**Prompt**
In the entries below, find the lines that contain the word "positive" and copy them.
****************************************
(* Let $k\ge2$ be even, $\alpha_1,\dots,\alpha_k$ positive integers, and $G=C(\alpha_1,\dots,\alpha_k)$. Then the clique number of $G$ is $$\omega(G)=\max_{1\le i\le k/2}\Big\{\alpha_{2i-1}+\Big(\frac{k}{2}-i+1\Big)\Big\}.$$
   Context: $C(\alpha_1,\dots,\alpha_k)$ is defined recursively by $C(\alpha_1)=\overline{K_{\alpha_1}}$ (edgeless graph) and $C(\alpha_1,\dots,\alpha_i)=\overline{C(\alpha_1,\dots,\alpha_{i-1})\cup K_{\alpha_i}}$ for $i=2,\dots,k$ (disjoint union, then complement). Equivalently for $k$ even, with $\pi_i$ the $\alpha_i$ vertices introduced at step $i$: $\pi_i$ is a clique for $i$ odd, independent for $i$ even, and for $i<j$ vertices of $\pi_i,\pi_j$ are adjacent iff $j$ is even. $\omega(G)$ is the maximum size of a clique in $G$. *)

From mathcomp Require Import all_boot.
Set Implicit Arguments. Unset Strict Implicit. Unset Printing Implicit Defensive.

(* Levels (steps) are 0-indexed: level p corresponds to the paper's pi_{p+1}.
   cadj s p q = adjacency, in C(alpha_1,...,alpha_{s+1}), between two DISTINCT
   vertices introduced at steps p and q (p, q <= s), following the recursive
   definition: C(alpha_1) is edgeless; C(..., alpha_{s+1}) is the complement of
   (C(...,alpha_s) disjoint-union K_{alpha_{s+1}}). *)
Fixpoint cadj (s p q : nat) : bool :=
  match s with
  | 0 => false
  | s'.+1 =>
      if (p == s) && (q == s) then false          (* inside K_alpha, complemented *)
      else if (p == s) || (q == s) then true      (* no edge in union, complemented *)
      else ~~ cadj s' p q                         (* old edge, complemented *)
  end.

Definition cvert (k : nat) (a : nat -> nat) : finType := {i : 'I_k & 'I_(a i)}.

Definition cgraph_adj (k : nat) (a : nat -> nat) (u v : cvert k a) : bool :=
  (u != v) && cadj k.-1 (val (tag u)) (val (tag v)).

Definition is_clique (T : finType) (e : rel T) (S : {set T}) : bool :=
  [forall u in S, forall v in S, (u != v) ==> e u v].

Definition clique_number (T : finType) (e : rel T) : nat :=
  \max_(S : {set T} | is_clique e S) #|S|.

From mathcomp Require Import all_boot zify.

(* Clique number of C(a_0, ..., a_(k-1)) for k even (levels are 0-indexed, so
   the paper's odd steps pi_(2i-1) are the even levels 2i here).

   Unfolding the recursive complementation gives a closed form for adjacency
   ([cadjE]): for k even, two distinct vertices on the same level t are
   adjacent iff t is even, and vertices on different levels are adjacent iff
   the larger level is odd ([cgraph_adjE]).  Hence in a clique S whose lowest
   level is m, every vertex off level m sits on an odd level above m, with at
   most one vertex per odd level.  Counting the odd levels above m
   ([card_odd_above]) bounds #|S| by a m + #|odd levels above m| when m is even,
   and by the number of all odd levels when m is odd ([clique_card_le]).
   Conversely, for an even level t, the whole level t together with one vertex
   on each odd level above t is a clique attaining that bound
   ([witness_clique], [card_witness]). *)

Lemma cadjE s p q : p <= s -> q <= s ->
  cadj s p q = if p == q then odd (s - p) else ~~ odd (s - maxn p q).
Proof.
elim: s p q => [|s IH] p q hp hq /=.
  have -> : p = 0 by lia. by have -> : q = 0 by lia.
case: (eqVneq p s.+1) => [->|hps]; case: (eqVneq q s.+1) => [->|hqs] /=.
- by rewrite subnn.
- have -> : maxn s.+1 q = s.+1 by lia.
  by rewrite subnn; case: (s.+1 =P q) => //; lia.
- have -> : maxn p s.+1 = s.+1 by lia.
  by rewrite subnn; case: (p =P s.+1) => //; lia.
- by rewrite IH; try lia; case: ifP => _; rewrite subSn ?oddS //; lia.
Qed.

Lemma cliqueP {T : finType} {e : rel T} {S : {set T}} {u v : T} :
  is_clique e S -> u \in S -> v \in S -> u != v -> e u v.
Proof.
by move=> /forallP /(_ u) /implyP hS hu hv huv; move/forallP: (hS hu) => /(_ v);
  rewrite hv huv.
Qed.

Lemma card_le_inj {T U : finType} (f : T -> U) (A : {set T}) (B : {set U}) :
  {in A &, injective f} -> {in A, forall x, f x \in B} -> #|A| <= #|B|.
Proof.
move=> finj fB; rewrite -(card_in_imset finj); apply: subset_leq_card.
by apply/subsetP => _ /imsetP [x hx ->]; apply: fB.
Qed.

Lemma even_halfK n : ~~ odd n -> n./2.*2 = n.
Proof. by move=> hev; rewrite halfK (negbTE hev) subn0. Qed.

Definition odd_above (n m : nat) : {set 'I_n} := [set t : 'I_n | (m < t) && odd t].

Lemma card_odd_above n m : #|odd_above n m| = n./2 - m.+1./2.
Proof.
rewrite -sum1dep_card big_mkcond /=.
elim: n => [|n IH]; first by rewrite big_ord0.
rewrite big_ord_recr /= IH.
have h1 := odd_double_half n; have h2 := odd_double_half n.+1.
have h3 := odd_double_half m.+1; rewrite /= in h2.
by case: (ltnP m n) => hmn /=; case: (odd n) h1 h2 => /= h1 h2; lia.
Qed.

Section CliqueNumber.

Variables (k : nat) (a : nat -> nat).
(* k is even and positive (k - 1 is odd). *)
Hypothesis k_even : odd k.-1.

Local Notation V := (cvert k a).
Local Notation adj := (@cgraph_adj k a).
Local Notation M := (\max_(i < k./2) (a i.*2 + (k./2 - i))).

Lemma cgraph_adjE (u v : V) : adj u v = (u != v) &&
  (if tag u == tag v then ~~ odd (tag u) else odd (maxn (tag u) (tag v))).
Proof.
have hu : tag u <= k.-1 by move: (ltn_ord (tag u)); lia.
have hv : tag v <= k.-1 by move: (ltn_ord (tag v)); lia.
have hmax : maxn (tag u) (tag v) <= k.-1 by lia.
by rewrite /cgraph_adj cadjE // (oddB hu) (oddB hmax) k_even negbK.
Qed.

Definition level (t : 'I_k) : {set V} := [set u | tag u == t].

Lemma card_level t : #|level t| = a t.
Proof.
have -> : level t = [set Tagged (fun i : 'I_k => 'I_(a i)) j | j : 'I_(a t)].
  apply/setP => -[t' j]; rewrite inE; apply/eqP/imsetP => [/= ht|[j' _ ->] //].
  by subst t'; exists j.
by rewrite card_in_imset ?card_ord // => j1 j2 _ _; apply: eq_from_Tagged.
Qed.

Section Clique.

Variable S : {set V}.
Hypothesis S_clique : is_clique adj S.

(* Odd levels are independent sets, so a clique meets each of them at most once. *)
Lemma clique_odd_level_inj {u v : V} : u \in S -> v \in S ->
  tag u = tag v -> odd (tag u) -> u = v.
Proof.
move=> hu hv huv ho; apply/eqP; apply: contraT => hne.
by have := cliqueP S_clique hu hv hne; rewrite cgraph_adjE hne huv eqxx /= -huv ho.
Qed.

Lemma clique_above_min {w u : V} : w \in S -> (forall x, x \in S -> tag w <= tag x) ->
  u \in S -> tag u != tag w -> tag w < tag u /\ odd (tag u).
Proof.
move=> hw hmin hu hne.
have hlt : tag w < tag u by rewrite ltn_neqAle hmin // andbT eq_sym.
have hwu : w != u by apply: contra hne => /eqP <-.
split=> //; have := cliqueP S_clique hw hu hwu.
by rewrite cgraph_adjE hwu eq_sym (negbTE hne) /= (maxn_idPr (ltnW hlt)).
Qed.

(* If the lowest level m of the clique is even, S has at most a_m vertices on
   level m and at most one on each odd level above m. *)
Lemma clique_card_even_min {w : V} : w \in S -> (forall x, x \in S -> tag w <= tag x) ->
  #|S| <= a (tag w) + #|odd_above k (tag w)|.
Proof.
move=> hw hmin; rewrite -(cardsID (level (tag w)) S) -card_level.
apply: leq_add; first by apply: subset_leq_card; apply: subsetIr.
apply: (card_le_inj (fun u : V => tag u)).
- move=> u v; rewrite !inE => /andP [hu1 hu2] /andP [hv1 hv2] heq.
  by apply: clique_odd_level_inj => //; case: (clique_above_min hw hmin hu2 hu1).
- move=> u; rewrite !inE => /andP [hu1 hu2].
  by case: (clique_above_min hw hmin hu2 hu1) => -> ->.
Qed.

(* If the lowest level is odd, all levels of S are odd and distinct. *)
Lemma clique_card_odd_min {w : V} : w \in S -> (forall x, x \in S -> tag w <= tag x) ->
  odd (tag w) -> #|S| <= #|odd_above k 0|.
Proof.
move=> hw hmin hodd.
have allodd u : u \in S -> odd (tag u).
  move=> hu; case: (eqVneq (tag u) (tag w)) => [-> //|hne].
  by case: (clique_above_min hw hmin hu hne).
apply: (card_le_inj (fun u : V => tag u)).
- by move=> u v hu hv heq; apply: clique_odd_level_inj => //; apply: allodd.
- by move=> u hu; rewrite inE allodd // andbT lt0n; apply: contraTneq (allodd u hu) => ->.
Qed.

End Clique.

Lemma term_le_max (t : 'I_k) : ~~ odd t -> a t + #|odd_above k t| <= M.
Proof.
move=> hev; have k_ev : ~~ odd k by move: k_even; case: (k) => //= k'; rewrite negbK.
have hi : t./2 < k./2 by rewrite -ltn_double !even_halfK.
apply: leq_trans (leq_bigmax (Ordinal hi)).
by rewrite /= even_halfK // card_odd_above /= uphalf_half (negbTE hev).
Qed.

Lemma clique_card_le S : is_clique adj S -> #|S| <= M.
Proof.
move=> hS; case: (set_0Vmem S) => [->|[w0 hw0]]; first by rewrite cards0.
case: (arg_minnP (fun u : V => val (tag u)) hw0) => w hw hmin.
have [hodd|hev] := boolP (odd (tag w)); last first.
  exact: leq_trans (clique_card_even_min S hS hw hmin) (term_le_max _ hev).
have k_pos : 0 < k by case: (k) k_even.
apply: leq_trans (clique_card_odd_min S hS hw hmin hodd) _.
exact: leq_trans (leq_addl (a 0) _) (term_le_max (Ordinal k_pos) isT).
Qed.

Hypothesis a_pos : forall i, i < k -> 0 < a i.

Definition level_rep (t : 'I_k) : V :=
  Tagged (fun i : 'I_k => 'I_(a i)) (Ordinal (a_pos t (ltn_ord t))).

Definition witness (t : 'I_k) : {set V} := level t :|: level_rep @: odd_above k t.

Lemma witnessP (t : 'I_k) (u : V) : u \in witness t ->
  tag u = t \/ [/\ u = level_rep (tag u), t < tag u & odd (tag u)].
Proof.
rewrite !inE => /orP [/eqP -> | /imsetP [t' ht' ->]]; first by left.
by right; rewrite inE in ht'; case/andP: ht'.
Qed.

(* On an even level t the witness is a clique: level t is itself a clique, and
   every pair involving an odd level above t has an odd larger level. *)
Lemma witness_clique (t : 'I_k) : ~~ odd t -> is_clique adj (witness t).
Proof.
move=> hev; apply/forallP => u; apply/implyP => /witnessP hu.
apply/forallP => v; apply/implyP => /witnessP hv; apply/implyP => huv.
rewrite cgraph_adjE huv /=; case: eqVneq => [e | ne].
  case: hu => [-> // | [eu _ _]]; case: hv => [hv | [ev _ _]]; first by rewrite e hv.
  by move: huv; rewrite eu ev e eqxx.
case: hu hv => [hu | [_ htu hou]] [hv | [_ htv hov]].
- by move: ne; rewrite hu hv eqxx.
- by rewrite hu (maxn_idPr (ltnW htv)).
- by rewrite hv (maxn_idPl (ltnW htu)).
- by case: (leqP (tag u) (tag v)) => h; rewrite ?(maxn_idPr h) ?(maxn_idPl (ltnW h)).
Qed.

Lemma card_witness (t : 'I_k) : #|witness t| = a t + #|odd_above k t|.
Proof.
have disj : level t :&: level_rep @: odd_above k t = set0.
  apply/setP => u; rewrite !inE; apply/negbTE/negP => /andP [/eqP hu /imsetP [t' ht' e]].
  by move: ht'; rewrite -hu e inE ltnn.
rewrite cardsU disj cards0 subn0 card_level card_in_imset //.
by move=> t1 t2 _ _ /(congr1 (fun u : V => tag u)).
Qed.

End CliqueNumber.

Theorem theorem5p1 (k : nat) (a : nat -> nat) :
  2 <= k -> ~~ odd k -> (forall i, i < k -> 0 < a i) ->
  clique_number (@cgraph_adj k a) =
  \max_(i < k./2) (a i.*2 + (k./2 - i)).
Proof.
move=> hk hev ha.
have k_even : odd k.-1 by case: (k) hk hev => //= k' _; rewrite negbK.
apply/eqP; rewrite eqn_leq; apply/andP; split.
  by apply/bigmax_leqP => S; apply: clique_card_le.
have hk2 : 0 < #|'I_k./2| by rewrite card_ord; case: (k) hk => // [[]].
have [i ->] := eq_bigmax (fun i : 'I_k./2 => a i.*2 + (k./2 - i)) hk2.
have ht : i.*2 < k by move: (ltn_ord i); lia.
have t_even : ~~ odd (Ordinal ht) by rewrite /= odd_double.
apply: leq_trans (leq_bigmax_cond _ (witness_clique _ _ k_even ha _ t_even)).
by rewrite card_witness card_odd_above /= uphalf_half odd_double doubleK.
Qed.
****************************************
**Exercise answer**
(* Let $k\ge2$ be even, $\alpha_1,\dots,\alpha_k$ positive integers, and $G=C(\alpha_1,\dots,\alpha_k)$. Then the clique number of $G$ is $$\omega(G)=\max_{1\le i\le k/2}\Big\{\alpha_{2i-1}+\Big(\frac{k}{2}-i+1\Big)\Big\}.$$
(* k is even and positive (k - 1 is odd). *)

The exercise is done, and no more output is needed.